Dataset excerpts
_ _ _ _ _

Lemma quad_loss_shift (X Z : 'M[R]_n) :
  quad_loss (X + Z) = quad_loss X + \tr (loss_grad X *m Z^T)
    + (\tr (Z^T *m Z *m P) + q / 4 * \tr ((Z + Z^T) *m (Z + Z^T))
       + lt * \tr (Z *m Z^T)).
Proof.
rewrite /quad_loss; set S := X + X^T - c%:M.
have symS : S^T = S by rewrite /S raddfB /= raddfD /= trmxK tr_scalar_mx [X^T + X]addrC.
have -> : X + Z + (X + Z)^T - c%:M = S + (Z + Z^T).
  by apply/matrixP => i j; rewrite /S !mxE; lra.
have -> : X + Z - Om = (X - Om) + Z by rewrite addrAC.
have gradZ : \tr (loss_grad X *m Z^T) = 2 * \tr ((X - Om) *m P *m Z^T)
    + q * \tr (S *m Z^T) + 2 * r * \tr (E *m Z^T) + 2 * lt * \tr (X *m Z^T).
  by rewrite /loss_grad -/S 3!mulmxDl -!scalemxAl !mxtraceD !mxtraceZ.
clearbody S.
have sqrSD : \tr ((S + (Z + Z^T)) *m (S + (Z + Z^T)))
    = \tr (S *m S) + 4 * \tr (S *m Z^T) + \tr ((Z + Z^T) *m (Z + Z^T)).
  rewrite mulmxDl [S *m _]mulmxDr [(Z + Z^T) *m _]mulmxDr !mxtraceD.
  rewrite [\tr ((Z + Z^T) *m S)]mxtrace_mulC mxtrace_mul_symmetrize //; lra.
have mulSDE : \tr ((S + (Z + Z^T)) *m E) = \tr (S *m E) + 2 * \tr (E *m Z^T).
  by rewrite mulmxDl mxtraceD [\tr ((Z + Z^T) *m E)]mxtrace_mulC mxtrace_mul_symmetrize.
have mulXDtr : \tr ((X + Z) *m (X + Z)^T)
    = \tr (X *m X^T) + 2 * \tr (X *m Z^T) + \tr (Z *m Z^T).
  rewrite [(X + Z)^T]raddfD /= mulmxDl !mulmxDr !mxtraceD.
  rewrite [\tr (Z *m X^T)]mxtrace_mul_tr; lra.
rewrite gradZ !mxtraceD !mxtraceZ mxtrace_quad_formD sqrSD mulSDE mulXDtr; lra.
Qed.

Lemma quad_loss_min (X Y : 'M[R]_n) :
  psd_mx P -> 0 <= q -> 0 <= lt -> loss_grad X = 0 -> quad_loss X <= quad_loss Y.
Proof.
move=> psdP q_ge0 lt_ge0 gradX0.
rewrite -[Y](addrNK X) addrC quad_loss_shift gradX0 mul0mx mxtrace0 addr0 lerDl.
have symZZ : (Y - X + (Y - X)^T)^T = Y - X + (Y - X)^T by rewrite raddfD /= trmxK addrC.
apply: addr_ge0; first apply: addr_ge0.
- by rewrite -mulmxA mxtrace_mulC; apply: psdP.
- by rewrite mulr_ge0 ?divr_ge0 // -{2}symZZ mxtrace_mul_tr_ge0.
- by rewrite mulr_ge0 ?mxtrace_mul_tr_ge0.
Qed.

End QuadraticLoss.

Lemma loss_grad_diag_eq0 (R : realFieldType) (n : nat) (g : 'I_n -> R)
    (W E C : 'M[R]_n) (s q r lt : R) :
  lt != 0 -> W^T = - W ->
  (forall i j, C i j * (2 * g j + q + 2 * lt) + q * C j i
               = 2 * lt * ((s%:M + (r / lt) *: E) i j + W i j)) ->
  loss_grad (diag_mx (\row_i g i)) (s%:M + W) E (2 * s) q r lt (s%:M + W - C) = 0.
Proof.
move=> lt_neq0 skewW eqC; apply/matrixP => i j.
have Wji : W j i = - W i j by have /matrixP/(_ i j) := skewW; rewrite !mxE.
have := eqC i j; rewrite /loss_grad mul_mx_diag !mxE Wji [j == i]eq_sym.
set rho := r / lt; have -> : r = lt * rho by rewrite mulrC divfK.
by case: (i == j); rewrite ?mulr1n ?mulr0n => ?; lra.
Qed.

Section OrthogonalConjugation.
Variables (R : realFieldType) (n : nat) (U : 'M[R]_n).

Lemma sum_col_outer (f : 'I_n -> 'I_n -> R) :
  \sum_i \sum_j f i j *: (col i U *m (col j U)^T) = U *m \matrix_(i, j) f i j *m U^T.
Proof.
apply/matrixP => a b; rewrite !mxE summxE.
under eq_bigr => i _ do rewrite summxE.
under [RHS]eq_bigr => k _ do rewrite !mxE mulr_suml.
rewrite exchange_big; apply: eq_bigr => i _; apply: eq_bigr => j _.
by rewrite !mxE big_ord1 !mxE mulrCA mulrA.
Qed.

Lemma sum_col_outer_diag (g : 'I_n -> R) :
  \sum_i g i *: (col i U *m (col i U)^T) = U *m diag_mx (\row_i g i) *m U^T.
Proof.
apply/matrixP => a b; rewrite !mxE summxE; apply: eq_bigr => i _.
by rewrite mul_mx_diag !mxE big_ord1 !mxE mulrCA mulrA.
Qed.

Lemma col_conj_mxE (A : 'M[R]_n) i j :
  ((col i U)^T *m A *m col j U) 0 0 = (U^T *m A *m U) i j.
Proof.
rewrite !mxE; apply: eq_bigr => k _; rewrite !mxE; congr (_ * _).
by apply: eq_bigr => l _; rewrite !mxE.
Qed.

Lemma conj_mxD (A B : 'M[R]_n) :
  U^T *m (A + B) *m U = U^T *m A *m U + U^T *m B *m U.
Proof. by rewrite mulmxDr mulmxDl. Qed.

Lemma conj_mxN (A : 'M[R]_n) : U^T *m (- A) *m U = - (U^T *m A *m U).
Proof. by rewrite mulmxN mulNmx. Qed.

Lemma conj_mxZ a (A : 'M[R]_n) : U^T *m (a *: A) *m U = a *: (U^T *m A *m U).
Proof. by rewrite -scalemxAr -scalemxAl. Qed.

Lemma conj_trmx (A : 'M[R]_n) : U^T *m A^T *m U = (U^T *m A *m U)^T.
Proof. by rewrite !trmx_mul trmxK mulmxA. Qed.

Lemma conj_trmxE (A : 'M[R]_n) i j : (U^T *m A^T *m U) i j = (U^T *m A *m U) j i.
Proof. by rewrite conj_trmx mxE. Qed.

Hypothesis orthoU : U^T *m U = 1%:M.

Lemma conj_mxK (C : 'M[R]_n) : U^T *m (U *m C *m U^T) *m U = C.
Proof. by rewrite !mulmxA orthoU mul1mx -mulmxA orthoU mulmx1. Qed.

Lemma conj_scalar_mx a : U^T *m a%:M *m U = a%:M.
Proof. by rewrite mul_mx_scalar -scalemxAl orthoU scalemx1. Qed.

Lemma conj_mxM (A B : 'M[R]_n) :
  U^T *m (A *m B) *m U = (U^T *m A *m U) *m (U^T *m B *m U).
Proof.
rewrite !mulmxA -[U^T *m A *m U *m U^T]mulmxA (mulmx1C orthoU).
by rewrite mulmx1.
Qed.

Lemma conj_mx_eq0 (A : 'M[R]_n) : U^T *m A *m U = 0 -> A = 0.
Proof.
move=> A0; have UUt : U *m U^T = 1%:M := mulmx1C orthoU.
have -> : A = U *m (U^T *m A *m U) *m U^T.
  by rewrite !mulmxA UUt mul1mx -mulmxA UUt mulmx1.
by rewrite A0 mulmx0 mul0mx.
Qed.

_ _ _ _ _

TO DO: Copy every record shown above, exactly and completely.

RESULT OF THIS TASK:
Lemma quad_loss_shift (X Z : 'M[R]_n) :
  quad_loss (X + Z) = quad_loss X + \tr (loss_grad X *m Z^T)
    + (\tr (Z^T *m Z *m P) + q / 4 * \tr ((Z + Z^T) *m (Z + Z^T))
       + lt * \tr (Z *m Z^T)).
Proof.
rewrite /quad_loss; set S := X + X^T - c%:M.
have symS : S^T = S by rewrite /S raddfB /= raddfD /= trmxK tr_scalar_mx [X^T + X]addrC.
have -> : X + Z + (X + Z)^T - c%:M = S + (Z + Z^T).
  by apply/matrixP => i j; rewrite /S !mxE; lra.
have -> : X + Z - Om = (X - Om) + Z by rewrite addrAC.
have gradZ : \tr (loss_grad X *m Z^T) = 2 * \tr ((X - Om) *m P *m Z^T)
    + q * \tr (S *m Z^T) + 2 * r * \tr (E *m Z^T) + 2 * lt * \tr (X *m Z^T).
  by rewrite /loss_grad -/S 3!mulmxDl -!scalemxAl !mxtraceD !mxtraceZ.
clearbody S.
have sqrSD : \tr ((S + (Z + Z^T)) *m (S + (Z + Z^T)))
    = \tr (S *m S) + 4 * \tr (S *m Z^T) + \tr ((Z + Z^T) *m (Z + Z^T)).
  rewrite mulmxDl [S *m _]mulmxDr [(Z + Z^T) *m _]mulmxDr !mxtraceD.
  rewrite [\tr ((Z + Z^T) *m S)]mxtrace_mulC mxtrace_mul_symmetrize //; lra.
have mulSDE : \tr ((S + (Z + Z^T)) *m E) = \tr (S *m E) + 2 * \tr (E *m Z^T).
  by rewrite mulmxDl mxtraceD [\tr ((Z + Z^T) *m E)]mxtrace_mulC mxtrace_mul_symmetrize.
have mulXDtr : \tr ((X + Z) *m (X + Z)^T)
    = \tr (X *m X^T) + 2 * \tr (X *m Z^T) + \tr (Z *m Z^T).
  rewrite [(X + Z)^T]raddfD /= mulmxDl !mulmxDr !mxtraceD.
  rewrite [\tr (Z *m X^T)]mxtrace_mul_tr; lra.
rewrite gradZ !mxtraceD !mxtraceZ mxtrace_quad_formD sqrSD mulSDE mulXDtr; lra.
Qed.

Lemma quad_loss_min (X Y : 'M[R]_n) :
  psd_mx P -> 0 <= q -> 0 <= lt -> loss_grad X = 0 -> quad_loss X <= quad_loss Y.
Proof.
move=> psdP q_ge0 lt_ge0 gradX0.
rewrite -[Y](addrNK X) addrC quad_loss_shift gradX0 mul0mx mxtrace0 addr0 lerDl.
have symZZ : (Y - X + (Y - X)^T)^T = Y - X + (Y - X)^T by rewrite raddfD /= trmxK addrC.
apply: addr_ge0; first apply: addr_ge0.
- by rewrite -mulmxA mxtrace_mulC; apply: psdP.
- by rewrite mulr_ge0 ?divr_ge0 // -{2}symZZ mxtrace_mul_tr_ge0.
- by rewrite mulr_ge0 ?mxtrace_mul_tr_ge0.
Qed.

End QuadraticLoss.

Lemma loss_grad_diag_eq0 (R : realFieldType) (n : nat) (g : 'I_n -> R)
    (W E C : 'M[R]_n) (s q r lt : R) :
  lt != 0 -> W^T = - W ->
  (forall i j, C i j * (2 * g j + q + 2 * lt) + q * C j i
               = 2 * lt * ((s%:M + (r / lt) *: E) i j + W i j)) ->
  loss_grad (diag_mx (\row_i g i)) (s%:M + W) E (2 * s) q r lt (s%:M + W - C) = 0.
Proof.
move=> lt_neq0 skewW eqC; apply/matrixP => i j.
have Wji : W j i = - W i j by have /matrixP/(_ i j) := skewW; rewrite !mxE.
have := eqC i j; rewrite /loss_grad mul_mx_diag !mxE Wji [j == i]eq_sym.
set rho := r / lt; have -> : r = lt * rho by rewrite mulrC divfK.
by case: (i == j); rewrite ?mulr1n ?mulr0n => ?; lra.
Qed.

Section OrthogonalConjugation.
Variables (R : realFieldType) (n : nat) (U : 'M[R]_n).

Lemma sum_col_outer (f : 'I_n -> 'I_n -> R) :
  \sum_i \sum_j f i j *: (col i U *m (col j U)^T) = U *m \matrix_(i, j) f i j *m U^T.
Proof.
apply/matrixP => a b; rewrite !mxE summxE.
under eq_bigr => i _ do rewrite summxE.
under [RHS]eq_bigr => k _ do rewrite !mxE mulr_suml.
rewrite exchange_big; apply: eq_bigr => i _; apply: eq_bigr => j _.
by rewrite !mxE big_ord1 !mxE mulrCA mulrA.
Qed.

Lemma sum_col_outer_diag (g : 'I_n -> R) :
  \sum_i g i *: (col i U *m (col i U)^T) = U *m diag_mx (\row_i g i) *m U^T.
Proof.
apply/matrixP => a b; rewrite !mxE summxE; apply: eq_bigr => i _.
by rewrite mul_mx_diag !mxE big_ord1 !mxE mulrCA mulrA.
Qed.

Lemma col_conj_mxE (A : 'M[R]_n) i j :
  ((col i U)^T *m A *m col j U) 0 0 = (U^T *m A *m U) i j.
Proof.
rewrite !mxE; apply: eq_bigr => k _; rewrite !mxE; congr (_ * _).
by apply: eq_bigr => l _; rewrite !mxE.
Qed.

Lemma conj_mxD (A B : 'M[R]_n) :
  U^T *m (A + B) *m U = U^T *m A *m U + U^T *m B *m U.
Proof. by rewrite mulmxDr mulmxDl. Qed.

Lemma conj_mxN (A : 'M[R]_n) : U^T *m (- A) *m U = - (U^T *m A *m U).
Proof. by rewrite mulmxN mulNmx. Qed.

Lemma conj_mxZ a (A : 'M[R]_n) : U^T *m (a *: A) *m U = a *: (U^T *m A *m U).
Proof. by rewrite -scalemxAr -scalemxAl. Qed.

Lemma conj_trmx (A : 'M[R]_n) : U^T *m A^T *m U = (U^T *m A *m U)^T.
Proof. by rewrite !trmx_mul trmxK mulmxA. Qed.

Lemma conj_trmxE (A : 'M[R]_n) i j : (U^T *m A^T *m U) i j = (U^T *m A *m U) j i.
Proof. by rewrite conj_trmx mxE. Qed.

Hypothesis orthoU : U^T *m U = 1%:M.

Lemma conj_mxK (C : 'M[R]_n) : U^T *m (U *m C *m U^T) *m U = C.
Proof. by rewrite !mulmxA orthoU mul1mx -mulmxA orthoU mulmx1. Qed.

Lemma conj_scalar_mx a : U^T *m a%:M *m U = a%:M.
Proof. by rewrite mul_mx_scalar -scalemxAl orthoU scalemx1. Qed.

Lemma conj_mxM (A B : 'M[R]_n) :
  U^T *m (A *m B) *m U = (U^T *m A *m U) *m (U^T *m B *m U).
Proof.
rewrite !mulmxA -[U^T *m A *m U *m U^T]mulmxA (mulmx1C orthoU).
by rewrite mulmx1.
Qed.

Lemma conj_mx_eq0 (A : 'M[R]_n) : U^T *m A *m U = 0 -> A = 0.
Proof.
move=> A0; have UUt : U *m U^T = 1%:M := mulmx1C orthoU.
have -> : A = U *m (U^T *m A *m U) *m U^T.
  by rewrite !mulmxA UUt mul1mx -mulmxA UUt mulmx1.
by rewrite A0 mulmx0 mul0mx.
Qed.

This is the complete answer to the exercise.